Wednesday, 25 April 2007

Fig and Saffron bread



Yeast baking is something I struggle with. On the few occasions when I have tried it I tend to end up with something overblown and blowsy, with all of the integrity of those soft white floured baps bought in the supermarket. Whether my problem is the flour or the time I'm leaving it to rise for I don't know, but I've effectively given up. I don't have much patience for slaving over things which turn out substandard, when I can go and buy the lovely sourdough at my local deli. But for all that there is something to aspire to in bread baking, it seems the pinnacle of homely comfort and conjugal bliss. Not for nothing are those selling homes instructed to have their loves baking in the aga. Bread baking seems to me though to go rather against the grain: it seems designed to be baked in quantity, and with a frequency that the home cook cannot compete with. It baffles me why we don't have the sort of tradition that the french do, of having very good bakers, and going to them prior to every meal. Of course for a long time it was pretty much impossible to buy good bread in britain, and even now your average shop only sells the cotton wool variety, so perhaps this is what turned us into a nation of would-be bakers. Or perhaps it is the aga, and the long cold dark days which makes a loaf emerging out the oven such an integral part of the british home ideal. Whatever it is, its definatly there, this deep yeasty ideal.

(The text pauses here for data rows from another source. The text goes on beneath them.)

(* Let $(\Omega,\rho)$ be a quasi-metric space, $X\subseteq\Omega$ a finite dataset, and let $W=(\Omega,X,\mathcal Q)$ be the quasi-metric similarity workload whose queries are the left balls $B_\varepsilon(\omega)=\{x\in\Omega:\rho(\omega,x)\le\varepsilon\}$, $\omega\in\Omega$, $\varepsilon>0$. Let $T$ be a finite rooted tree and $B_t\subseteq\Omega$, $t\in T$, subsets such that $X\subseteq\bigcup_{t\in L(T)}B_t\subseteq\Omega$ and, for every inner node $t$, $\bigcup_{s\in C_t}(B_s\cap X)\subseteq B_t$. For every node $t$ let $f_t\colon\Omega\to\mathbb R$ be a left 1-Lipschitz function such that $\omega\in B_t$ implies $f_t(\omega)\le 0$. For each inner node $t$ define $F_t(B_\varepsilon(\omega))=\{s\in C_t: f_s(\omega)\le\varepsilon\}$. Then $(T,\{B_t\}_{t\in L(T)},\{F_t\}_{t\in I(T)})$ is a consistent indexing scheme for $W$.
   Context: A quasi-metric on $\Omega$ is a function $\rho\colon\Omega\times\Omega\to[0,\infty)$ with $\rho(x,y)=0\iff x=y$ and $\rho(x,z)\le\rho(x,y)+\rho(y,z)$, not necessarily symmetric. A function $f\colon\Omega\to\mathbb R$ is left 1-Lipschitz if $f(x)-f(y)\le\rho(x,y)$ for all $x,y\in\Omega$. A workload is a triple $W=(\Omega,X,\mathcal Q)$ where $X\subseteq\Omega$ is finite and $\mathcal Q\subseteq 2^\Omega$. For a rooted finite tree $T$, $L(T)$ is the set of leaves, $I(T)$ the set of inner nodes, $C_t$ the set of children of an inner node $t$. An indexing scheme on $W$ is a triple $(T,\mathcal B,\mathcal F)$ where $T$ is a rooted finite tree with root $\ast$, $\mathcal B=\{B_t\subseteq\Omega: t\in L(T)\}$, and $\mathcal F=\{F_t: t\in I(T)\}$ with $F_t\colon\mathcal Q\to 2^{C_t}$. Given $Q\in\mathcal Q$, the search algorithm sets $A_0=\{\ast\}$, $A_{i+1}=\bigcup_{t\in A_i\cap I(T)}F_t(Q)$, and outputs all $x\in X\cap Q$ with $x\in B_t$ for some leaf $t$ lying in some $A_i$. The scheme is consistent if for every $Q\in\mathcal Q$ the output equals $Q\cap X$. *)

From Stdlib Require Import Reals List.
Open Scope R_scope.

Definition quasi_metric {Omega : Type} (rho : Omega -> Omega -> R) : Prop :=
  (forall x y, 0 <= rho x y) /\
  (forall x y, rho x y = 0 <-> x = y) /\
  (forall x y z, rho x z <= rho x y + rho y z).

Definition left_1_lipschitz {Omega : Type} (rho : Omega -> Omega -> R)
  (f : Omega -> R) : Prop :=
  forall x y, f x - f y <= rho x y.

Definition finite_set {A : Type} (S : A -> Prop) : Prop :=
  exists l : list A, forall x, S x <-> In x l.
Definition finite_type (A : Type) : Prop :=
  exists l : list A, forall x : A, In x l.

Definition left_ball {Omega : Type} (rho : Omega -> Omega -> R)
  (w : Omega) (eps : R) : Omega -> Prop :=
  fun x => rho w x <= eps.

Fixpoint anc {V : Type} (par : V -> option V) (n : nat) (v : V) : option V :=
  match n with
  | O => Some v
  | S n' => match par v with None => None | Some p => anc par n' p end
  end.

Definition rooted_tree {V : Type} (root : V) (par : V -> option V) : Prop :=
  finite_type V /\ par root = None /\
  (forall v : V, exists n, anc par n v = Some root).

Definition child {V : Type} (par : V -> option V) (t s : V) : Prop :=
  par s = Some t.
Definition leaf {V : Type} (par : V -> option V) (t : V) : Prop :=
  forall s, ~ child par t s.
Definition inner {V : Type} (par : V -> option V) (t : V) : Prop :=
  exists s, child par t s.

(** Search algorithm of an indexing scheme on a query Q.
    [Fsel t s] means s \in F_t(Q) (for the query Q under consideration). *)
Fixpoint active {V : Type} (root : V) (par : V -> option V)
  (Fsel : V -> V -> Prop) (i : nat) : V -> Prop :=
  match i with
  | O => fun v => v = root
  | S i' => fun s => exists t, active root par Fsel i' t /\ inner par t /\ Fsel t s
  end.

Definition search_output {Omega V : Type} (root : V) (par : V -> option V)
  (B : V -> Omega -> Prop) (Fsel : V -> V -> Prop)
  (X Q : Omega -> Prop) : Omega -> Prop :=
  fun x => X x /\ Q x /\
    exists t i, active root par Fsel i t /\ leaf par t /\ B t x.

(** Indexing scheme with queries labelled by an index type Idx: the query
    set is { q i | i : Idx }, and F_t is given by F t i (a set of nodes),
    which must consist of children of t. *)
Definition consistent_indexing_scheme {Omega V Idx : Type}
  (root : V) (par : V -> option V) (B : V -> Omega -> Prop)
  (F : V -> Idx -> V -> Prop) (X : Omega -> Prop) (q : Idx -> Omega -> Prop)
  : Prop :=
  (forall t i s, inner par t -> F t i s -> child par t s) /\
  (forall i x, search_output root par B (fun t s => F t i s) X (q i) x
               <-> (q i x /\ X x)).

(** The search algorithm only descends from a node to a child, so the output
    is contained in [Q ∩ X].  Conversely, let [x ∈ X] lie in the ball
    [B_eps(w)] and in the leaf set [B_t].  Every ancestor [s] of [t] still
    contains [x] (the sets grow towards the root on [X]), so [f_s x <= 0], and
    the left Lipschitz bound gives [f_s w <= f_s x + rho w x <= eps]: the whole
    root-to-leaf path is selected, and [x] is found at [t]. *)

From Stdlib Require Import Reals List Lra.
Open Scope R_scope.

Lemma left_1_lipschitz_le_ball {Omega : Type} (rho : Omega -> Omega -> R)
    (f : Omega -> R) (w x : Omega) (eps : R) :
  left_1_lipschitz rho f -> f x <= 0 -> left_ball rho w eps x -> f w <= eps.
Proof. intros Hlip Hfx Hball; specialize (Hlip w x); unfold left_ball in Hball; lra. Qed.

Lemma child_inner {V : Type} (par : V -> option V) (t s : V) :
  child par t s -> inner par t.
Proof. now exists s. Qed.

Section ActiveAncestors.

Variables (V : Type) (root : V) (par : V -> option V) (Fsel : V -> V -> Prop).

Lemma active_of_anc (P : V -> Prop) :
  (forall v p, par v = Some p -> P v -> P p /\ Fsel p v) ->
  forall n v, anc par n v = Some root -> P v -> active root par Fsel n v.
Proof.
  intros Hstep n; induction n as [|n IH]; intros v Hanc Hv; simpl in *.
  - now injection Hanc.
  - destruct (par v) as [p|] eqn:Hpar; [|discriminate].
    destruct (Hstep v p Hpar Hv) as [Hp Hsel].
    exists p; repeat split; auto.
    exact (child_inner par p v Hpar).
Qed.

End ActiveAncestors.

Theorem theorem3p3
  (Omega : Type) (rho : Omega -> Omega -> R) (X : Omega -> Prop)
  (V : Type) (root : V) (par : V -> option V)
  (B : V -> Omega -> Prop) (f : V -> Omega -> R) :
  quasi_metric rho ->
  finite_set X ->
  rooted_tree root par ->
  (* X \subseteq \bigcup_{t leaf} B_t *)
  (forall x, X x -> exists t, leaf par t /\ B t x) ->
  (* for inner t: \bigcup_{s \in C_t} (B_s \cap X) \subseteq B_t *)
  (forall t, inner par t -> forall s x, child par t s -> B s x -> X x -> B t x) ->
  (forall t, left_1_lipschitz rho (f t)) ->
  (forall t w, B t w -> f t w <= 0) ->
  consistent_indexing_scheme root par B
    (* queries labelled by (w, eps) with eps > 0;
       F_t(B_eps(w)) = { s \in C_t | f_s(w) <= eps } *)
    (fun t (we : {p : Omega * R | 0 < snd p}) s =>
       child par t s /\ f s (fst (proj1_sig we)) <= snd (proj1_sig we))
    X
    (fun we => left_ball rho (fst (proj1_sig we)) (snd (proj1_sig we))).
Proof.
  intros _ _ [_ [_ Hreach]] Hcover Hgrow Hlip Hnonpos.
  split; [now intros t i s _ [Hchild _]|].
  intros [[w eps] Heps] x; simpl; split.
  - now intros [HX [HQ _]].
  - intros [HQ HX].
    destruct (Hcover x HX) as [t [Hleaf Ht]].
    destruct (Hreach t) as [n Hn].
    repeat split; auto.
    exists t, n; repeat split; auto.
    apply (active_of_anc V root par _ (fun v => B v x)); auto.
    intros v p Hpar Hv; split.
    + exact (Hgrow p (child_inner par p v Hpar) v x Hpar Hv HX).
    + split; [exact Hpar|].
      exact (left_1_lipschitz_le_ball rho (f v) w x eps (Hlip v) (Hnonpos v x Hv) HQ).
Qed.
(* If $\Gamma$ is a countable discrete group containing a central element of infinite order, then $\mathbb{C}\Gamma$ is not $C^*_r$-unique.
   Context: $\mathbb{C}\Gamma$ is the complex group algebra. $\mathbb{C}\Gamma$ is called $C^*_r$-unique if no $C^*$-norm on $\mathbb{C}\Gamma$ is properly majorised by the reduced $C^*$-norm (the norm from the left regular representation $\lambda:\mathbb{C}\Gamma\to\mathbb{B}(\ell^2\Gamma)$), i.e. there is no $C^*$-norm $\|\cdot\|$ on $\mathbb{C}\Gamma$ with $\|a\|\le\|\lambda(a)\|$ for all $a$ and strict inequality for some $a$. *)

From Stdlib Require Import Reals List ClassicalEpsilon.
Open Scope R_scope.

Definition C : Type := (R * R)%type.
Definition C0 : C := (0, 0).
Definition Cadd (z w : C) : C := (fst z + fst w, snd z + snd w).
Definition Cmul (z w : C) : C :=
  (fst z * fst w - snd z * snd w, fst z * snd w + snd z * fst w).
Definition Cconj (z : C) : C := (fst z, - snd z).
Definition Cabs (z : C) : R := sqrt (fst z ^ 2 + snd z ^ 2).

(** Least upper bound of a set of reals (chosen classically; meaningful when
    the set is nonempty and bounded above). *)
Definition sup (E : R -> Prop) : R := epsilon (inhabits 0) (fun r => is_lub E r).

Record is_group {G : Type} (mul : G -> G -> G) (inv : G -> G) (e : G) : Prop := {
  grp_assoc : forall x y z, mul x (mul y z) = mul (mul x y) z;
  grp_id_l : forall x, mul e x = x;
  grp_inv_l : forall x, mul (inv x) x = e
}.

Definition countable (G : Type) : Prop :=
  exists f : G -> nat, forall x y, f x = f y -> x = y.

Fixpoint gpow {G : Type} (mul : G -> G -> G) (e : G) (z : G) (n : nat) : G :=
  match n with O => e | S n => mul z (gpow mul e z n) end.

Section GroupAlgebra.
Variables (G : Type) (mul : G -> G -> G) (inv : G -> G).

(** Elements of the complex group algebra CG: finitely supported functions G -> C. *)
Definition finsupp (a : G -> C) : Prop :=
  exists l : list G, forall g, a g <> C0 -> In g l.

Definition fsum (f : G -> C) : C :=
  let l := epsilon (inhabits nil)
             (fun l => NoDup l /\ forall g, f g <> C0 -> In g l) in
  fold_right (fun g acc => Cadd (f g) acc) C0 l.

Definition gadd (a b : G -> C) : G -> C := fun g => Cadd (a g) (b g).
Definition gscale (z : C) (a : G -> C) : G -> C := fun g => Cmul z (a g).
Definition gconv (a b : G -> C) : G -> C :=
  fun g => fsum (fun h => Cmul (a h) (b (mul (inv h) g))).
Definition gstar (a : G -> C) : G -> C := fun g => Cconj (a (inv g)).

Definition sumsq_set (xi : G -> C) (r : R) : Prop :=
  exists l : list G, NoDup l /\
    r = fold_right (fun g acc => Cabs (xi g) ^ 2 + acc) 0 l.
Definition in_l2 (xi : G -> C) : Prop := bound (sumsq_set xi).
Definition l2norm (xi : G -> C) : R := sqrt (sup (sumsq_set xi)).

Definition lambda (a : G -> C) (xi : G -> C) : G -> C :=
  fun g => fsum (fun h => Cmul (a h) (xi (mul (inv h) g))).

Definition reduced_norm (a : G -> C) : R :=
  sup (fun r => exists xi, in_l2 xi /\ l2norm xi <= 1 /\ r = l2norm (lambda a xi)).

Record is_Cstar_norm (N : (G -> C) -> R) : Prop := {
  cn_nonneg : forall a, finsupp a -> 0 <= N a;
  cn_definite : forall a, finsupp a -> N a = 0 -> forall g, a g = C0;
  cn_triangle : forall a b, finsupp a -> finsupp b -> N (gadd a b) <= N a + N b;
  cn_homog : forall z a, finsupp a -> N (gscale z a) = Cabs z * N a;
  cn_submult : forall a b, finsupp a -> finsupp b -> N (gconv a b) <= N a * N b;
  cn_cstar : forall a, finsupp a -> N (gconv (gstar a) a) = N a ^ 2
}.

Definition Cr_unique : Prop :=
  ~ exists N : (G -> C) -> R,
      is_Cstar_norm N /\
      (forall a, finsupp a -> N a <= reduced_norm a) /\
      (exists a, finsupp a /\ N a < reduced_norm a).

End GroupAlgebra.

From Pilot Require Import Defs.
From Stdlib Require Import Reals List ClassicalEpsilon Permutation Lra Lia FunctionalExtensionality.
From Coquelicot Require Import Complex.
Open Scope R_scope.

(* Let [z] be central of infinite order. Instead of the operator norm of [lambda a] on all of
   l^2, take [arc_norm a]: the limit, as [eps] goes to 0, of the supremum of [|lambda a eta|]
   over unit vectors [eta] that are [eps]-almost eigenvectors of [lambda z] with eigenvalue in
   the closed left half of the unit circle (morally, the norm of [lambda a] on the spectral
   subspace of [lambda z] for that arc). Since [z] is central, [lambda b] maps such vectors to
   almost eigenvectors for the same eigenvalue, which makes [arc_norm] a C*-seminorm below the
   reduced norm. It is definite: the normalised progressions [sum_(k<n) s^k delta_(z^k)] with
   [|s| = 1] are almost eigenvectors, and [lambda b] multiplies most of their entries by a
   polynomial in [s] built from the values of [b] on the powers of [z], which is nonzero at
   some [s] of the arc when [b e <> 0]. Finally [lambda (delta_e + delta_z)] acts on such
   vectors almost as [1 + t] with [Re t <= 0], so its arc norm is at most [sqrt 2], while its
   reduced norm is at least [sqrt 3]. *)

(* The operations of [Defs] are convertible to Coquelicot's, but [ring] only recognises the
   latter. *)
Ltac Cring :=
  try change Cmul with Cmult; try change Cadd with Cplus; try change C0 with (RtoC 0);
  try change Defs.Cconj with Cconj;
  match goal with |- @eq _ ?x ?y => change (@eq C x y) end; ring.

Definition classical_eq_dec (T : Type) (x y : T) : {x = y} + {x <> y} :=
  excluded_middle_informative (x = y).

Lemma Cplus_neq0 (a b : C) : Cplus a b <> RtoC 0 -> a <> RtoC 0 \/ b <> RtoC 0.
Proof.
  intros H. destruct (excluded_middle_informative (a = RtoC 0)) as [->|]; auto.
  right; intros ->; apply H; ring.
Qed.

Lemma Cmult_neq0 (a b : C) : Cmult a b <> RtoC 0 -> a <> RtoC 0 /\ b <> RtoC 0.
Proof. intros H; split; intros E; apply H; rewrite E; ring. Qed.

Lemma Cmult_eq0 (a b : C) : Cmult a b = RtoC 0 -> a = RtoC 0 \/ b = RtoC 0.
Proof.
  intros H. destruct (excluded_middle_informative (a = RtoC 0)) as [|Ha]; auto.
  right. replace b with (Cmult (Cinv a) (Cmult a b)) by (field; auto). rewrite H; ring.
Qed.

Lemma Cconj_neq0 (a : C) : Cconj a <> RtoC 0 -> a <> RtoC 0.
Proof. intros H ->. apply H, injective_projections; simpl; ring. Qed.

Section ListSums.
Variable T : Type.

Definition lsumC (l : list T) (f : T -> C) : C :=
  fold_right (fun g acc => Cplus (f g) acc) (RtoC 0) l.
Definition lsumR (l : list T) (f : T -> R) : R :=
  fold_right (fun g acc => f g + acc) 0 l.
Definition supp_in (l : list T) (f : T -> C) : Prop :=
  forall g, f g <> RtoC 0 -> In g l.
Definition sqsum (l : list T) (xi : T -> C) : R := lsumR l (fun g => Cmod (xi g) ^ 2).

Arguments lsumC : simpl never.
Arguments lsumR : simpl never.
Lemma part0_not_co_star : ~ co_star G P.
Proof.
move=> [v [_ clP v_iso]]; have vT := co_star_centre_T clP.
have P_mid y : y \in P -> 3 <= y /\ ~~ is_X y.
  move=> yP; have := v_iso y yP; rewrite /G; case: (ltnP y 3) => y3.
    by rewrite adjC adj_coreT //; lia.
  by move=> vy; split=> //; apply: contraNN vy; apply: adj_TX.
have hits s : all (fun a => a < 7) s -> nonadj s s -> uniq s -> size s = 3 ->
    exists2 x : 'I_n_vertices, (x : nat) \in s & x \in P :\ v.
  move=> s_core ss s_uniq s3; have stU := stable_verts_U_X s_core ss.
  have U_big : k.+3 <= #|verts s :|: Xset| by rewrite card_verts_U_X // s3.
  have /card_gt0P[x] := stable_meets_part0 stU U_big.
  rewrite in_setI in_setU mem_Xset [x \in verts s]inE => /andP[xs xP].
  have [x3 Xx] := P_mid x xP.
  have x_s : (x : nat) \in s by rewrite (negbTE Xx) orbF in xs.
  exists x => //; rewrite in_setD1 xP andbT.
  by apply: contraTneq vT => <-; have := allP s_core _ x_s; rewrite /is_T; lia.
have [x x_s xP] := hits [:: 0; 2; 6] erefl erefl erefl erefl.
have [y y_s yP] := hits [:: 1; 2; 4] erefl erefl erefl erefl.
have mid z : z \in P :\ v -> 3 <= z by rewrite in_setD1 => /andP[_ /P_mid[]].
have x6 : x = 6 :> nat by move: x_s (mid x xP); rewrite !inE; lia.
have y4 : y = 4 :> nat by move: y_s (mid y yP); rewrite !inE; lia.
suff : G x y by rewrite /G x6 y4.
by apply: clP => //; apply/eqP => xy; move: x6 y4; rewrite xy => ->.
Qed.

End CliquePartition.

Lemma EPS3_G : EPS3 G k.+3.
Proof.
move=> [f parts]; have cl (i : 'I_k.+3) : 0 < i -> cliqueS G (part f i) by case: (parts i).
by case: (parts ord0) => /(_ erefl) [/(part0_not_clique cl) | /(part0_not_co_star cl)].
Qed.

End Construction.

Theorem theorem3p12 :
  forall N : nat, exists n : nat, N <= n /\
    exists e : rel 'I_n, simple_graph e /\ EPS_graph e.
Proof.
move=> N; exists (n_vertices N); split; first by rewrite /n_vertices; lia.
exists (@G N); split; first exact: simple_G.
by exists N.+3; split; [| exact: EPS1_G | exact: EPS2_G | exact: EPS3_G].
Qed.
(* Let $V=\{1,\dots,p\}$ and let $F:2^V\to\mathbb{R}$ be a submodular, nondecreasing set-function with $F(\varnothing)=0$ and $F(\{k\})>0$ for all $k\in V$. Let $f$ be the Lovász extension of $F$ and define $\Omega:\mathbb{R}^p\to\mathbb{R}$ by $\Omega(w)=f(|w|)$. Then: (i) $\Omega$ is a norm on $\mathbb{R}^p$; (ii) $\Omega$ is the convex envelope (largest convex function lying below) of the function $g:w\mapsto F(\mathrm{Supp}(w))$ on the unit $\ell_\infty$-ball $\{w\in\mathbb{R}^p:\|w\|_\infty\leqslant 1\}$; (iii) the dual norm of $\Omega$, $\Omega^\ast(s)=\max_{\Omega(w)\leqslant 1} s^\top w$, satisfies $$\Omega^\ast(s)=\max_{A\subset V,\,A\neq\varnothing}\frac{\|s_A\|_1}{F(A)}=\max_{A\in\mathcal{T}}\frac{\|s_A\|_1}{F(A)}.$$
   Context: For $w\in\mathbb{R}^p$, $|w|$ is the vector of absolute values of its components, $\mathrm{Supp}(w)=\{j\in V: w_j\neq 0\}$, and $s_A$ is the subvector of $s$ indexed by $A$. The Lovász extension $f:\mathbb{R}_+^p\to\mathbb{R}$ of $F$ is defined as follows: for $w\in\mathbb{R}_+^p$, order the components as $w_{j_1}\geqslant\cdots\geqslant w_{j_p}\geqslant 0$ and set $f(w)=\sum_{k=1}^p w_{j_k}[F(\{j_1,\dots,j_k\})-F(\{j_1,\dots,j_{k-1}\})]$. A set $A\subset V$ is stable if for every $B\supset A$ with $B\neq A$ one has $F(B)>F(A)$. A nonempty set $A$ is separable if there is a partition $A=B_1\cup\cdots\cup B_k$ into $k\geqslant 2$ nonempty sets with $F(A)=F(B_1)+\cdots+F(B_k)$, and inseparable otherwise. $\mathcal{T}$ denotes the family of nonempty subsets of $V$ that are both stable and inseparable. *)

From mathcomp Require Import all_boot all_order all_algebra.
From mathcomp Require Import reals.
Set Implicit Arguments. Unset Strict Implicit. Unset Printing Implicit Defensive.
Import Order.TTheory GRing.Theory Num.Theory.
Local Open Scope ring_scope.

While I simply can't be bothered to bake bread when I can buy better, I did discover in one of my fathers old books a lovely Polish recipe for an enriched fruit bread made from a yeast dough with butter, milk, egg yolks, saffron, brandy and dried fruits added. It is a kind of Baba, and is traditional at easter, a sort of carbohydrate and cholesterol blow-out after the trials of lent. Instead of currents and citrus peel I've complimented the saffron with dried baby figs and fresh orange zest. The quantities in the recipe would have fed all my extended family and friends, so I've scaled it down a bit, although I've also made it slightly richer than the origional version.



500g white bread flour
300ml of warm milk
1 packet of instant yeast (I cheated)
70g of butter
2 egg yolks
1 cup of dried figs
1 large pinch of saffron
1 pinch of salt
zest of and juice of an orange
1/2 cup of crysalised peel
1/2 cup of raisins

Sift the flour with the yeast and add the dried fruits. Leave the saffron to soak in the milk , then stir into the flour, add the orange juice and zest and kneed for 10 minutes. Kneed in the egg yolks one at a time. One you have a good pliable consistency to the dough, shape it into a rectangle. Melt the butter and brush onto the top of the dough, then fold the dough over itself into thirds. Repeat with the remaining butter. Leave the dough to rise in a warm place until doubled in size and then bake at 200 oc until done. It should sound hollow when tapped. Leave to cool slightly, then serve warm with butter.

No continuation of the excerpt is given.